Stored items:
(* Let $a<b$ and let $X$ be a random variable taking values in $[a,b]$, with probability density function $f:[a,b]\rightarrow[0,1]$ and cumulative distribution function $F(x)=\Pr(X\le x)=\int_a^x f(t)\,dt$. Assume that $F$ is differentiable in $(a,b)$ with $F'=f\in L^1[a,b]$ and that $\gamma\le f(t)\le\Gamma$ for all $t\in[a,b]$, where $\gamma,\Gamma$ are real constants. Then for all $x\in[a,\frac{a+b}{2}]$, \[ \left|\frac{1}{2}[F(x)+F(a+b-x)]-\frac{b-E(X)}{b-a}\right|\leq \left[\frac{b-a}{4}+\left|x-\frac{3a+b}{4}\right|\right] \left(\frac{1}{b-a}-\gamma\right) \] and \[ \left|\frac{1}{2}[F(x)+F(a+b-x)]-\frac{b-E(X)}{b-a}\right|\leq \left[\frac{b-a}{4}+\left|x-\frac{3a+b}{4}\right|\right] \left(\Gamma-\frac{1}{b-a}\right), \] where $E(X)$ is the expectation of $X$. *)

From HB Require Import structures.
From mathcomp Require Import all_boot all_order all_algebra.
From mathcomp Require Import all_classical all_reals all_analysis.
Set Implicit Arguments. Unset Strict Implicit. Unset Printing Implicit Defensive.
Import Order.TTheory GRing.Theory Num.Theory.
Import numFieldNormedType.Exports.
Local Open Scope classical_set_scope.
Local Open Scope ring_scope.

Definition dens_cdf {R : realType} (f : R -> R) (a x : R) : R :=
  Rintegral (@lebesgue_measure R) `[a, x] f.

Definition dens_expectation {R : realType} (f : R -> R) (a b : R) : R :=
  Rintegral (@lebesgue_measure R) `[a, b] (fun t => t * f t).

From HB Require Import structures.
From mathcomp Require Import all_boot all_order all_algebra.
From mathcomp Require Import all_classical all_reals all_analysis.
From mathcomp Require Import ring lra measurable_realfun.
Import Order.TTheory GRing.Theory Num.Theory.
Import numFieldNormedType.Exports.
Local Open Scope classical_set_scope.
Local Open Scope ring_scope.

(* With y = a + b - x, the quantity inside the absolute value is the integral
   of K f over [a, b] for the kernel
     K t = (1_[a,x] t + 1_[a,y] t) / 2 - (b - t) / (b - a),
   because the indicators turn the integral into (F x + F y) / 2 and the last
   term gives (b - E X) / (b - a) as the integral of f is 1.  The kernel has
   mean zero, so f may be replaced by f - gamma >= 0 (resp. Gamma - f >= 0),
   and then |int K f| <= sup |K| * int (f - gamma) = sup |K| (1 - gamma (b - a)).
   Finally sup |K| = max (x - a, (a + b) / 2 - x) / (b - a), which is
   ((b - a) / 4 + |x - (3a + b) / 4|) / (b - a). *)

Section Rintegrable.
Context {d} {T : measurableType d} {R : realType}.
Context {mu : {measure set T -> \bar R}} {D : set T}.
Hypothesis mD : measurable D.
Local Notation integrable f := (mu.-integrable D (EFin \o f)).

Lemma bounded_normr_le (g : T -> R) (M : R) :
  (forall t, D t -> `|g t| <= M) -> [bounded g t | t in D].
Proof.
move=> gM; exists M; split; first exact: num_real.
by move=> N /ltW MN t Dt; exact: le_trans (gM t Dt) MN.
Qed.

Lemma integrable_bounded (g : T -> R) (M : R) : (mu D < +oo)%E ->
  measurable_fun D g -> (forall t, D t -> `|g t| <= M) -> integrable g.
Proof.
by move=> Dfin mg gM; apply: measurable_bounded_integrable => //;
  exact: (bounded_normr_le _ _ gM).
Qed.

Lemma integrableD_EFin (f g : T -> R) :
  integrable f -> integrable g -> integrable (fun t => f t + g t).
Proof.
move=> intf intg; have := integrableD mD intf intg.
by apply: eq_integrable => // t _ /=; rewrite EFinD.
Qed.

Lemma integrableB_EFin (f g : T -> R) :
  integrable f -> integrable g -> integrable (fun t => f t - g t).
Proof.
move=> intf intg; have := integrableB mD intf intg.
by apply: eq_integrable => // t _ /=; rewrite EFinB.
Qed.

Lemma integrableZl_EFin (k : R) (f : T -> R) :
  integrable f -> integrable (fun t => k * f t).
Proof.
move=> intf; have := integrableZl mD k intf.
by apply: eq_integrable => // t _ /=; rewrite EFinM.
Qed.

Lemma integrableMl_bounded (g f : T -> R) (M : R) :
  measurable_fun D g -> (forall t, D t -> `|g t| <= M) ->
  integrable f -> integrable (fun t => g t * f t).
Proof.
move=> mg gM intf; have := integrableMr mD mg (bounded_normr_le _ _ gM) intf.
by apply: eq_integrable => // t _ /=; rewrite EFinM.
Qed.

Lemma normr_RintegralM_le (g h : T -> R) (M : R) :
  measurable_fun D g -> (forall t, D t -> `|g t| <= M) ->
  integrable h -> (forall t, D t -> 0 <= h t) ->
  `|\int[mu]_(t in D) (g t * h t)| <= M * \int[mu]_(t in D) h t.
Proof.
move=> mg gM inth h0; have intgh := integrableMl_bounded _ _ _ mg gM inth.
rewrite -RintegralZl //; apply: le_trans (le_normr_Rintegral mD intgh) _.
apply: le_Rintegral => //; first exact: integrable_norm.
  exact: integrableZl_EFin.
move=> t Dt /=; rewrite normrM (ger0_norm (h0 t Dt)).
by apply: ler_wpM2r; [exact: h0 | exact: gM].
Qed.

Lemma RintegralM_shift_mean0 (g f : T -> R) (M c : R) :
  measurable_fun D g -> (forall t, D t -> `|g t| <= M) ->
  integrable g -> integrable f -> \int[mu]_(t in D) g t = 0 ->
  \int[mu]_(t in D) (g t * (f t - c)) = \int[mu]_(t in D) (g t * f t).
Proof.
move=> mg gM intg intf g0.
transitivity (\int[mu]_(t in D) (g t * f t - c * g t)).
  by apply: eq_Rintegral => t _; ring.
rewrite RintegralB //; last exact: integrableZl_EFin.
  by rewrite RintegralZl // g0 mulr0 subr0.
exact: integrableMl_bounded mg gM intf.
Qed.

Section mean_zero_kernel.
Context {g f : T -> R} {M : R}.
Hypotheses (Dfin : (mu D < +oo)%E) (mg : measurable_fun D g).
Hypotheses (gM : forall t, D t -> `|g t| <= M).
Hypotheses (g0 : \int[mu]_(t in D) g t = 0) (intf : integrable f).

Lemma normr_RintegralM_mean0_lb (c : R) : (forall t, D t -> c <= f t) ->
  `|\int[mu]_(t in D) (g t * f t)|
    <= M * (\int[mu]_(t in D) f t - c * fine (mu D)).
Proof.
move=> cf; have intc : integrable (cst c).
  exact: integrable_bounded _ _ Dfin (measurable_cst c) (fun _ _ => lexx `|c|).
rewrite -Rintegral_cst // -RintegralB //.
rewrite -(RintegralM_shift_mean0 _ _ _ c mg gM) //; last first.
  exact: integrable_bounded _ _ Dfin mg gM.
apply: normr_RintegralM_le mg gM _ _; first exact: integrableB_EFin.
by move=> t Dt; rewrite subr_ge0 cf.
Qed.

Lemma normr_RintegralM_mean0_ub (C : R) : (forall t, D t -> f t <= C) ->
  `|\int[mu]_(t in D) (g t * f t)|
    <= M * (C * fine (mu D) - \int[mu]_(t in D) f t).
Proof.
move=> fC; have intC : integrable (cst C).
  exact: integrable_bounded _ _ Dfin (measurable_cst C) (fun _ _ => lexx `|C|).
rewrite -Rintegral_cst // -RintegralB //.
rewrite -(RintegralM_shift_mean0 _ _ _ C mg gM) //; last first.
  exact: integrable_bounded _ _ Dfin mg gM.
under eq_Rintegral do rewrite -mulrNN opprB.
apply: normr_RintegralM_le (measurable_funN mg) _ _ _.
- by move=> t Dt; rewrite normrN gM.
- exact: integrableB_EFin.
- by move=> t Dt; rewrite subr_ge0 fC.
Qed.

End mean_zero_kernel.

End Rintegrable.

Section lebesgue_itvcc.
Context {R : realType}.
Local Notation mu := (@lebesgue_measure R).

Lemma lebesgue_measure_itvcc (a b : R) : a <= b -> mu `[a, b] = (b - a)%:E.
Proof.
move=> ab; rewrite lebesgue_measure_itv /= lte_fin.
by case: ltgtP ab => //= -> _; rewrite subrr.
Qed.

Lemma Rintegral_cst_itvcc (a b c : R) : a <= b ->
  \int[mu]_(_ in `[a, b]) c = c * (b - a).
Proof. by move=> ab; rewrite Rintegral_cst //= lebesgue_measure_itvcc. Qed.

Lemma Rintegral_itvcc_indic (a b c : R) (g : R -> R) : c <= b ->
  \int[mu]_(t in `[a, c]) g t = \int[mu]_(t in `[a, b]) (\1_`[a, c] t * g t).
Proof.
move=> cb; transitivity (\int[mu]_(t in `[a, b] `&` `[a, c]) g t).
  congr Rintegral; apply/seteqP; split => t /=; rewrite !in_itv /=; last by case.
  by move/andP => [-> tc]; rewrite tc (le_trans tc cb).
rewrite Rintegral_mkcondr; apply: eq_Rintegral => t _.
by rewrite patchE indicE; case: (t \in _); rewrite ?mul1r ?mul0r.
Qed.

Lemma Rintegral_indic_itvcc (a b c : R) : a <= c <= b ->
  \int[mu]_(t in `[a, b]) \1_`[a, c] t = c - a.
Proof.
move=> /andP[ac cb]; rewrite -[RHS]mul1r -Rintegral_cst_itvcc //.
rewrite (Rintegral_itvcc_indic _ _ _ _ cb).
by apply: eq_Rintegral => t _; rewrite mulr1.
Qed.

Lemma Rintegral_id_itvcc (a b : R) : a < b ->
  \int[mu]_(t in `[a, b]) t = (b ^+ 2 - a ^+ 2) / 2.
Proof.
move=> ab; rewrite /Rintegral.
rewrite (@continuous_FTC2 _ (fun t => t) (fun t => t ^+ 2 / 2)) //=.
- by rewrite mulrBl.
- by apply: continuous_subspaceT => t; exact: cvg_id.
- split.
  + by move=> t _; apply: derivableM => //; exact: exprn_derivable.
  + apply: cvg_at_right_filter; apply: cvgM; [exact: exprn_continuous|].
    exact: cvg_cst.
  + apply: cvg_at_left_filter; apply: cvgM; [exact: exprn_continuous|].
    exact: cvg_cst.
- move=> t _; rewrite derive1Mr; last exact: exprn_derivable.
  by rewrite exp_derive1 /= expr1 -mulr_natl mulrAC divff ?mul1r // pnatr_eq0.
Qed.

End lebesgue_itvcc.

Definition peano_kernel {R : realType} (a b x t : R) : R :=
  2^-1 * (\1_`[a, x] t + \1_`[a, a + b - x] t) - (b - t) / (b - a).

Section peano_kernel.
Context {R : realType} {a b x : R}.
Local Notation mu := (@lebesgue_measure R).
Local Notation peano_kernel := (peano_kernel a b x).

Lemma measurable_peano_kernel : measurable_fun `[a, b] peano_kernel.
Proof.
apply: measurable_funB; apply: measurable_funM => //.
  by apply: measurable_funD; exact: measurable_indic.
by apply: measurable_funB => //; exact: measurable_id.
Qed.

Hypotheses (ab : a < b) (hx : a <= x <= (a + b) / 2).

Lemma peano_kernel_bound t : a <= t <= b ->
  `|peano_kernel t| <= ((b - a) / 4 + `|x - (3 * a + b) / 4|) / (b - a).
Proof.
move=> /andP[a_t t_b]; have ba : 0 < b - a by rewrite subr_gt0.
have -> : peano_kernel t =
    ((\1_`[a, x] t + \1_`[a, a + b - x] t) * (b - a) / 2 - (b - t)) / (b - a).
  by rewrite /peano_kernel; field; rewrite gt_eqF.
rewrite normf_div (gtr0_norm ba) ler_pM2r ?invr_gt0 //.
have := ler_norm (x - (3 * a + b) / 4).
have := ler_norm (- (x - (3 * a + b) / 4)); rewrite normrN.
case/andP: hx => ax xm; rewrite !indicE !mem_setE !in_itv /= a_t /=.
by case: (lerP t x) => tx; case: (lerP t (a + b - x)) => ty /=;
  rewrite ?mulr1n ?mulr0n ler_norml; move=> *; apply/andP; split; lra.
Qed.

Let mI : measurable `[a, b] := measurable_itv _.
Let ax : a <= x. Proof. by case/andP: hx. Qed.
Let xb : x <= b. Proof. by case/andP: hx; lra. Qed.
Let ay : a <= a + b - x. Proof. by case/andP: hx; lra. Qed.
Let yb : a + b - x <= b. Proof. by case/andP: hx; lra. Qed.

Let integrable_itvcc (g : R -> R) (M : R) : measurable_fun `[a, b] g ->
  (forall t, a <= t <= b -> `|g t| <= M) ->
  mu.-integrable `[a, b] (EFin \o g).
Proof.
move=> mg gM; apply: integrable_bounded => //.
  by rewrite /= lebesgue_measure_itvcc ?ltry // ltW.
by move=> t; rewrite /= in_itv; exact: gM.
Qed.

Let normr_indic_le1 c t : `|\1_`[a, c] t| <= 1 :> R.
Proof. by rewrite indicE; case: (_ \in _); rewrite ?normr1 ?normr0. Qed.

Let normr_itvcc_le t : a <= t <= b -> `|t| <= `|a| + `|b|.
Proof.
move=> /andP[a_t t_b]; have := normr_ge0 a; have := normr_ge0 b.
have := ler_norm b; have := ler_norm (- a); rewrite normrN.
by rewrite ler_norml => *; apply/andP; split; lra.
Qed.

Let integrable_indic c : mu.-integrable `[a, b] (EFin \o \1_`[a, c]).
Proof. by apply: (integrable_itvcc _ 1) => //; exact: measurable_indic. Qed.

Let integrable_id : mu.-integrable `[a, b] (EFin \o id).
Proof.
by apply: (integrable_itvcc _ _ _ normr_itvcc_le); exact: measurable_id.
Qed.

Let integrable_cst c : mu.-integrable `[a, b] (EFin \o cst c).
Proof. exact: (integrable_itvcc _ `|c|). Qed.

Lemma Rintegral_peano_kernel : \int[mu]_(t in `[a, b]) peano_kernel t = 0.
Proof.
have intI : mu.-integrable `[a, b]
    (EFin \o (fun t => \1_`[a, x] t + \1_`[a, a + b - x] t)).
  exact: integrableD_EFin.
have intL : mu.-integrable `[a, b] (EFin \o (fun t => b - t)).
  by apply: integrableB_EFin => //; exact: integrable_cst.
transitivity (\int[mu]_(t in `[a, b])
    (2^-1 * (\1_`[a, x] t + \1_`[a, a + b - x] t) - (b - a)^-1 * (b - t))).
  by apply: eq_Rintegral => t _; rewrite /peano_kernel [_ / _]mulrC.
rewrite RintegralB //; [|by apply: integrableZl_EFin..].
rewrite !RintegralZl // RintegralB //; last exact: integrable_cst.
rewrite (@RintegralD _ _ _ mu _ _ _ mI (integrable_indic x) (integrable_indic _)).
rewrite (Rintegral_indic_itvcc a b x) ?ax ?xb //.
rewrite (Rintegral_indic_itvcc a b (a + b - x)) ?ay ?yb //.
rewrite Rintegral_cst_itvcc ?ltW // Rintegral_id_itvcc //.
by field; rewrite gt_eqF ?subr_gt0.
Qed.

Lemma Rintegral_peano_kernelM (f : R -> R) :
  mu.-integrable `[a, b] (EFin \o f) -> \int[mu]_(t in `[a, b]) f t = 1 ->
  \int[mu]_(t in `[a, b]) (peano_kernel t * f t) =
    (dens_cdf f a x + dens_cdf f a (a + b - x)) / 2
    - (b - dens_expectation f a b) / (b - a).
Proof.
move=> intf f1.
have intIf c : mu.-integrable `[a, b] (EFin \o (fun t => \1_`[a, c] t * f t)).
  by apply: integrableMl_bounded.
have inttf : mu.-integrable `[a, b] (EFin \o (fun t => t * f t)).
  apply: integrableMl_bounded => //.
  by move=> t; rewrite /= in_itv; exact: normr_itvcc_le.
have intbf : mu.-integrable `[a, b] (EFin \o (fun t => b * f t)).
  exact: integrableZl_EFin.
transitivity (\int[mu]_(t in `[a, b])
    (2^-1 * (\1_`[a, x] t * f t + \1_`[a, a + b - x] t * f t)
     - (b - a)^-1 * (b * f t - t * f t))).
  apply: eq_Rintegral => t _; rewrite /peano_kernel.
  by field; rewrite gt_eqF ?subr_gt0.
have intS : mu.-integrable `[a, b]
    (EFin \o (fun t => \1_`[a, x] t * f t + \1_`[a, a + b - x] t * f t)).
  exact: integrableD_EFin.
have intT : mu.-integrable `[a, b] (EFin \o (fun t => b * f t - t * f t)).
  exact: integrableB_EFin.
rewrite RintegralB //; [|by apply: integrableZl_EFin..].
rewrite !RintegralZl // RintegralB //.
rewrite (@RintegralD _ _ _ mu _ _ _ mI (intIf x) (intIf _)).
rewrite RintegralZl // f1 /dens_cdf /dens_expectation.
rewrite -(Rintegral_itvcc_indic _ _ _ _ xb) -(Rintegral_itvcc_indic _ _ _ _ yb).
by field; rewrite gt_eqF ?subr_gt0.
Qed.

End peano_kernel.

Theorem theorem4p1 (R : realType) (a b gamma Gamma : R) (f : R -> R)
  (hab : a < b)
  (hf01 : forall t, a <= t <= b -> 0 <= f t <= 1)
  (hfint : (@lebesgue_measure R).-integrable `[a, b] (EFin \o f))
  (hdens : Rintegral (@lebesgue_measure R) `[a, b] f = 1)
  (hderiv : forall x, a < x < b -> is_derive x 1 (dens_cdf f a) (f x))
  (hbounds : forall t, a <= t <= b -> gamma <= f t <= Gamma) :
  forall x, a <= x <= (a + b) / 2 ->
    `| (dens_cdf f a x + dens_cdf f a (a + b - x)) / 2
       - (b - dens_expectation f a b) / (b - a) |
      <= ((b - a) / 4 + `| x - (3 * a + b) / 4 |) * ((b - a)^-1 - gamma)
    /\
    `| (dens_cdf f a x + dens_cdf f a (a + b - x)) / 2
       - (b - dens_expectation f a b) / (b - a) |
      <= ((b - a) / 4 + `| x - (3 * a + b) / 4 |) * (Gamma - (b - a)^-1).
Proof.
move=> x hx; set B := (b - a) / 4 + _.
rewrite -(Rintegral_peano_kernelM hab hx _ hfint hdens).
have mu_ab : (@lebesgue_measure R) `[a, b] = (b - a)%:E.
  exact: lebesgue_measure_itvcc (ltW hab).
have fin_ab : ((@lebesgue_measure R) `[a, b] < +oo)%E by rewrite mu_ab ltry.
have K_bound t : `[a, b]%classic t -> `|peano_kernel a b x t| <= B / (b - a).
  by rewrite /= in_itv; exact: peano_kernel_bound.
have K_mean0 := Rintegral_peano_kernel hab hx.
have f_bounds t : `[a, b]%classic t -> gamma <= f t <= Gamma.
  by rewrite /= in_itv; exact: hbounds.
have ba : b - a != 0 by rewrite subr_eq0 gt_eqF.
have -> : B * ((b - a)^-1 - gamma) = B / (b - a) * (1 - gamma * (b - a)).
  by field.
have -> : B * (Gamma - (b - a)^-1) = B / (b - a) * (Gamma * (b - a) - 1).
  by field.
split.
- apply: le_trans (normr_RintegralM_mean0_lb _ fin_ab measurable_peano_kernel
    K_bound K_mean0 hfint gamma _) _.
  + exact: measurable_itv.
  + by move=> t Dt; case/andP: (f_bounds t Dt).
  + by rewrite hdens /= mu_ab.
- apply: le_trans (normr_RintegralM_mean0_ub _ fin_ab measurable_peano_kernel
    K_bound K_mean0 hfint Gamma _) _.
  + exact: measurable_itv.
  + by move=> t Dt; case/andP: (f_bounds t Dt).
  + by rewrite hdens /= mu_ab.
Qed.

▶ **WHAT YOU ARE ASKED TO DO**
Check each line of the data for the string "Rintegrable" and state how many lines contain it, without any other output.

▶ **REPLY TO THE EXERCISE**
2